**Task brief**
Which lines of the entries contain the string "gker"? Copy each of them.

**Collected data entries**
——

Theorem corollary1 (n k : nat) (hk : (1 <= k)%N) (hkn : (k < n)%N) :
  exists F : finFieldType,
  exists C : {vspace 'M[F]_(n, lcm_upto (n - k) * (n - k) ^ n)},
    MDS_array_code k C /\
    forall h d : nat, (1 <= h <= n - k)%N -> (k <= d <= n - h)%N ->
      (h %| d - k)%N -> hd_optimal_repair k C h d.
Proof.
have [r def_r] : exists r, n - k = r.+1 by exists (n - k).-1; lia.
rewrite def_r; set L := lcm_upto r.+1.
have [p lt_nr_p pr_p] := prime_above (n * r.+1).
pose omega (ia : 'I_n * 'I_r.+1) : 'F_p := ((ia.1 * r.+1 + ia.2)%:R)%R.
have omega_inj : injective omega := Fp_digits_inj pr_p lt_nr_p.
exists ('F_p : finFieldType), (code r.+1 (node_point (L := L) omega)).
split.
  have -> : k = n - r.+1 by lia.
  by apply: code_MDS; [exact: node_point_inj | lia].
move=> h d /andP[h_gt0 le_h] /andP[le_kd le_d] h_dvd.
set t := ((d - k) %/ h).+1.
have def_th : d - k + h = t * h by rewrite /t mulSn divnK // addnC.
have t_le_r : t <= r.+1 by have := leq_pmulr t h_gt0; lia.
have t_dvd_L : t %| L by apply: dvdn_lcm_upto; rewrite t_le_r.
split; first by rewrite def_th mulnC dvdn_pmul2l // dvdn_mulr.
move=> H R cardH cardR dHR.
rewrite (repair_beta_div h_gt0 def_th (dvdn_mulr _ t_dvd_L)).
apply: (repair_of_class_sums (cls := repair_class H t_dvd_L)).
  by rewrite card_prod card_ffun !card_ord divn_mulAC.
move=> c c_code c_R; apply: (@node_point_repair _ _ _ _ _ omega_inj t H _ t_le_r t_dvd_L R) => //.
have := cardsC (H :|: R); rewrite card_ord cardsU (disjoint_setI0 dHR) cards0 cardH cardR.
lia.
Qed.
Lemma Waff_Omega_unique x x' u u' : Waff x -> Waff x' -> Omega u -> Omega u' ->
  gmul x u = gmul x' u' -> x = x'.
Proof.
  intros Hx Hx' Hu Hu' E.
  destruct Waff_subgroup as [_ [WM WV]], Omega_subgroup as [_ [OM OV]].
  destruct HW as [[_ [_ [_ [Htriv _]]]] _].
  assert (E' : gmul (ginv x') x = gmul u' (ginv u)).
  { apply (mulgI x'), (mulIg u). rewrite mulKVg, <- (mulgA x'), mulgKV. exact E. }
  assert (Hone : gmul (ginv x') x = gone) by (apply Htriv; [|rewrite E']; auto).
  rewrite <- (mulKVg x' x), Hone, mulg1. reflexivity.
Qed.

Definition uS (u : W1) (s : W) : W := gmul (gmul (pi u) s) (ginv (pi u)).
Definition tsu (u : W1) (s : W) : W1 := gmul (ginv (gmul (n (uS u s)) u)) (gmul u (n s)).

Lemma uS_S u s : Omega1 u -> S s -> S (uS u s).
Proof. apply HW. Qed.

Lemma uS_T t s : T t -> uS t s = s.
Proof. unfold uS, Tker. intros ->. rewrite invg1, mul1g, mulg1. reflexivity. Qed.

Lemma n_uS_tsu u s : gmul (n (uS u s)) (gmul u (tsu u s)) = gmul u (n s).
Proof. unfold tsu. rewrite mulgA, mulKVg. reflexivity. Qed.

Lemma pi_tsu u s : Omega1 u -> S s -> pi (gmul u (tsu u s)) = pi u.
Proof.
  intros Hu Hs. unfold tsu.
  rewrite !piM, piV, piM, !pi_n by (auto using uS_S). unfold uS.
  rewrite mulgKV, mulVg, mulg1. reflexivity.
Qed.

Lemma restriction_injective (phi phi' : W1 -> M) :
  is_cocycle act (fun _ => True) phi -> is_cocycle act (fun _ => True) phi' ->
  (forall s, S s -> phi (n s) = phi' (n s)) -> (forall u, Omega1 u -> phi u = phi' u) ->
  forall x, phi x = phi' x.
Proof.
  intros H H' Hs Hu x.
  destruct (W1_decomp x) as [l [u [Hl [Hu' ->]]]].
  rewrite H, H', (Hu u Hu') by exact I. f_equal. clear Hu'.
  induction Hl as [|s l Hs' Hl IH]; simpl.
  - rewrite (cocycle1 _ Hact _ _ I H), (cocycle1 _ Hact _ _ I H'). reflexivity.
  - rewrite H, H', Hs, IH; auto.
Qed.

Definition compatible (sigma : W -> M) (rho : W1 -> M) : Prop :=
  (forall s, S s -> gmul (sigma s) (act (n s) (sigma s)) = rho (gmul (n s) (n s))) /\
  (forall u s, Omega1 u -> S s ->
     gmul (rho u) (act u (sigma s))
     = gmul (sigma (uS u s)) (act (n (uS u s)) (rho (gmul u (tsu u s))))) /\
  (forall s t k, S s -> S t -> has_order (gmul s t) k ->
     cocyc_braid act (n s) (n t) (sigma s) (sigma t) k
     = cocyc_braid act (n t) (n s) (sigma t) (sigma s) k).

——

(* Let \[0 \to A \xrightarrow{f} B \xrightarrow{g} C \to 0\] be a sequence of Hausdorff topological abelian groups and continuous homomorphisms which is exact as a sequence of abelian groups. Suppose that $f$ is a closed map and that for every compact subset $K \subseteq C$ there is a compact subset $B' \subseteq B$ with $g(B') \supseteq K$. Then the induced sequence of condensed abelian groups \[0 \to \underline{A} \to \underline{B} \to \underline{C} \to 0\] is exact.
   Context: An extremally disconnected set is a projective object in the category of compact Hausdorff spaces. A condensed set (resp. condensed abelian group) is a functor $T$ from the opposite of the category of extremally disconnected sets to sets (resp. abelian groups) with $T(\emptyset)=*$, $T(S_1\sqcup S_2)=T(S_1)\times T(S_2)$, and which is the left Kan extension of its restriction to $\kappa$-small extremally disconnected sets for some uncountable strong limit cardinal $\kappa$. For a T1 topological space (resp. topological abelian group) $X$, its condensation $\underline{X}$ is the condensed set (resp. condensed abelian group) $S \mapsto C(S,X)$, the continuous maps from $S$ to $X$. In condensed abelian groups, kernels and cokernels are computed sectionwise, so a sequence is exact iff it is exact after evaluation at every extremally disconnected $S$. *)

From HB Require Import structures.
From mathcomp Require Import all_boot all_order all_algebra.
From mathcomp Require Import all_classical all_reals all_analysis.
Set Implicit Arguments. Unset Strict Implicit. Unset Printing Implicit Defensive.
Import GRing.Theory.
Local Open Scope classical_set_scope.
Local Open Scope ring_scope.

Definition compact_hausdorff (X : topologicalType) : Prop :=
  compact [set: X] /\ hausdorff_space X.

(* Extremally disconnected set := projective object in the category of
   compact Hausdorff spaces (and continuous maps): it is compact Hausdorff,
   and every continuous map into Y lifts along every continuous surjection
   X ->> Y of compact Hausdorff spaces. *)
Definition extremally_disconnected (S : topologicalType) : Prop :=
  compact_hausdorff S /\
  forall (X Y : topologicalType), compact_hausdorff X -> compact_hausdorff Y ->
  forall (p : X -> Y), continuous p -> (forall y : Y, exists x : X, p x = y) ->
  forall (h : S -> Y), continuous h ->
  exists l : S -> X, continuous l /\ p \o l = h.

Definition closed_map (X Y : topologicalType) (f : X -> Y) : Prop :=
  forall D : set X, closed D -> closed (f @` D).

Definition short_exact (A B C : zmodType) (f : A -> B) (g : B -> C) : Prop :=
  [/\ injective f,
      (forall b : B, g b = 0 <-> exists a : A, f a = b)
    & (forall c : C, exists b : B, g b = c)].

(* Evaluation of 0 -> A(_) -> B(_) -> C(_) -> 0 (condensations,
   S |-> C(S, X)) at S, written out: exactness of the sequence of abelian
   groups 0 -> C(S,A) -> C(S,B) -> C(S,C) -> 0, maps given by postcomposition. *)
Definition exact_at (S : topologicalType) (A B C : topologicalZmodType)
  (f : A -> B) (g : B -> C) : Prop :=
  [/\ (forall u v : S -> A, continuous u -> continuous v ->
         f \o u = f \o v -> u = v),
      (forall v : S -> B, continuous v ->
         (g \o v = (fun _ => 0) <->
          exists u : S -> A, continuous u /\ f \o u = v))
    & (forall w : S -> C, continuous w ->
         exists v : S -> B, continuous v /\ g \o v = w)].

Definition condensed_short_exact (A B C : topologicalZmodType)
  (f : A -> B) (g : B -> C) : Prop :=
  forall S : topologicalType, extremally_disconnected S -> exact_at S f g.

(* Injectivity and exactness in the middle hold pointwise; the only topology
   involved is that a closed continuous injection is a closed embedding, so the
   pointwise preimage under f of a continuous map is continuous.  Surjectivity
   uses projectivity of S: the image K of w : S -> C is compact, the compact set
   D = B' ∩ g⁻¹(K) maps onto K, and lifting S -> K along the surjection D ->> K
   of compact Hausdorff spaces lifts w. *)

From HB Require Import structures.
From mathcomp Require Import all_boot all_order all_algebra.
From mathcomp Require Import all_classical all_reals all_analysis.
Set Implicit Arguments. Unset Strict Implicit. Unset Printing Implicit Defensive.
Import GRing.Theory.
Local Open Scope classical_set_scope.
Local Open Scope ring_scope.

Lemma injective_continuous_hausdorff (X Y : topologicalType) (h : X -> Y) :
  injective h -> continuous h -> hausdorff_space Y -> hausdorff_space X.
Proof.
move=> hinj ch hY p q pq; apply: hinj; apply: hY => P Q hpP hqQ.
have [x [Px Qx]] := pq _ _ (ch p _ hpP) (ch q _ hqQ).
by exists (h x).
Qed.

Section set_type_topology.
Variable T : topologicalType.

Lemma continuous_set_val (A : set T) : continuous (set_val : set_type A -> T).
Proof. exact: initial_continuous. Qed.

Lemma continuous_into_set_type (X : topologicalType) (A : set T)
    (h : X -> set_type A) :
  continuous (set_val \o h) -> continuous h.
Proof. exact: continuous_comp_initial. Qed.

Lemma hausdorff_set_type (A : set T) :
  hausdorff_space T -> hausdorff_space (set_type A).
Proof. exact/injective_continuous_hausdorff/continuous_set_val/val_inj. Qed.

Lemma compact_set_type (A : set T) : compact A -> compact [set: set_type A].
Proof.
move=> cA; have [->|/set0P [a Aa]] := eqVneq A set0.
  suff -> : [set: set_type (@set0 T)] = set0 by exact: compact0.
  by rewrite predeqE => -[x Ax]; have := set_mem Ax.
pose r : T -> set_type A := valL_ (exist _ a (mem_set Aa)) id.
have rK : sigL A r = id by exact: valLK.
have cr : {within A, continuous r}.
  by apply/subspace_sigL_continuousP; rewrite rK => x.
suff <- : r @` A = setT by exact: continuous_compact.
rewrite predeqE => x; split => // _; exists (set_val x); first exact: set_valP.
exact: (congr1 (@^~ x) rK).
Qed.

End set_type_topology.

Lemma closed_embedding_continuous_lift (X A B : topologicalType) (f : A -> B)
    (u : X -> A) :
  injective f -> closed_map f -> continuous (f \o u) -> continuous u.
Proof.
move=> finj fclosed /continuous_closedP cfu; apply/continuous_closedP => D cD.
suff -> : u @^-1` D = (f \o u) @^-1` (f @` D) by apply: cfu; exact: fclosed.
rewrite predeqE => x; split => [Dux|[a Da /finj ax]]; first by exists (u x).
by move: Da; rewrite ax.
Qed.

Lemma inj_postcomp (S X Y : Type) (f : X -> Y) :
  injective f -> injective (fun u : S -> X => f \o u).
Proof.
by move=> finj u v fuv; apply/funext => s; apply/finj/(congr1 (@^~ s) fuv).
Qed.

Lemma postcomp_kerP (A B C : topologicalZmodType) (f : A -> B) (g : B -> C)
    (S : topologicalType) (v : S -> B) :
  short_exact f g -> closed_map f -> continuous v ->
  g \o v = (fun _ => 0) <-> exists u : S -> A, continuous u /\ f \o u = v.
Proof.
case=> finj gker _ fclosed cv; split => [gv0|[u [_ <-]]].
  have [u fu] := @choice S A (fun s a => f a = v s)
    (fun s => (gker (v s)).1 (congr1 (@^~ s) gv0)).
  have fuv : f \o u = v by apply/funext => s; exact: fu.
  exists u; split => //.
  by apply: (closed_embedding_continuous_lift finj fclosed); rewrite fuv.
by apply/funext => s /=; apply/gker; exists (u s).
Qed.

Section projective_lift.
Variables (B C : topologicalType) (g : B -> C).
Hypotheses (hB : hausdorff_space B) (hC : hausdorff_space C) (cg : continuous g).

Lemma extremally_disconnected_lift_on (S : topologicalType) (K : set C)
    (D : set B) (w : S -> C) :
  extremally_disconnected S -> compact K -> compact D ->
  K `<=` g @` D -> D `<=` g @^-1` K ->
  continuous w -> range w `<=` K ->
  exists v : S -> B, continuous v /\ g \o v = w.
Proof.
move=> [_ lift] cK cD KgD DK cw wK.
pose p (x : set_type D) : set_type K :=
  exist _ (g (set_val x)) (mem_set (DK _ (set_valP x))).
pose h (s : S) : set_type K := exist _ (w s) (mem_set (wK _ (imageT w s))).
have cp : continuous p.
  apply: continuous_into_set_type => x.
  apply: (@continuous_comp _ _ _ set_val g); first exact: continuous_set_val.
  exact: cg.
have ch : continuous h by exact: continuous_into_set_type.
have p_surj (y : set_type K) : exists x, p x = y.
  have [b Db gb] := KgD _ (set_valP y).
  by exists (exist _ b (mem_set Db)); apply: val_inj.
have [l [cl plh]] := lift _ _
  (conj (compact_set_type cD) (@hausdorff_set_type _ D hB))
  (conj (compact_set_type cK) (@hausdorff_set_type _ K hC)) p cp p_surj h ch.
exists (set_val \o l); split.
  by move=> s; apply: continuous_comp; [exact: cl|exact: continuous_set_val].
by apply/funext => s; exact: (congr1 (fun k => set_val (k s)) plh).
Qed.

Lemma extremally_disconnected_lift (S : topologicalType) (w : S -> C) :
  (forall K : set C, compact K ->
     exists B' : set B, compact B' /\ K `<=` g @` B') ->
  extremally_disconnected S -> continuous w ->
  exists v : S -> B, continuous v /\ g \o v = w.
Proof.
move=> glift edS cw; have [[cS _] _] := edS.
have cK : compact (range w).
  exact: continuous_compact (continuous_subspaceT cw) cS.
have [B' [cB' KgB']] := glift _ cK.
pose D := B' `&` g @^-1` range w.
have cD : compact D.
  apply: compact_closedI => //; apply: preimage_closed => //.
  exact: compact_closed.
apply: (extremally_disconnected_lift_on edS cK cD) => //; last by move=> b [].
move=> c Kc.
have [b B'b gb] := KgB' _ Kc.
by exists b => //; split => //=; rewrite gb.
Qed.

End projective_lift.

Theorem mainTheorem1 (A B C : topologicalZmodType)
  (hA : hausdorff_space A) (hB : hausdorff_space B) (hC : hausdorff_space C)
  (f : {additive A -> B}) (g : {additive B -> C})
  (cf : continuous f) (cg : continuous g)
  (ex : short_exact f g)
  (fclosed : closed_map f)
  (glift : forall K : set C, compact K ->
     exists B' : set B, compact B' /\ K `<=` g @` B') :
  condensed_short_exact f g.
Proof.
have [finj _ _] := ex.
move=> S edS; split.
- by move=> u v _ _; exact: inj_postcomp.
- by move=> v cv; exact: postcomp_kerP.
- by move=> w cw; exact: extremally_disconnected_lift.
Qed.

——

**Result of the exercise**
case=> finj gker _ fclosed cv; split => [gv0|[u [_ <-]]].
    (fun s => (gker (v s)).1 (congr1 (@^~ s) gv0)).
by apply/funext => s /=; apply/gker; exists (u s).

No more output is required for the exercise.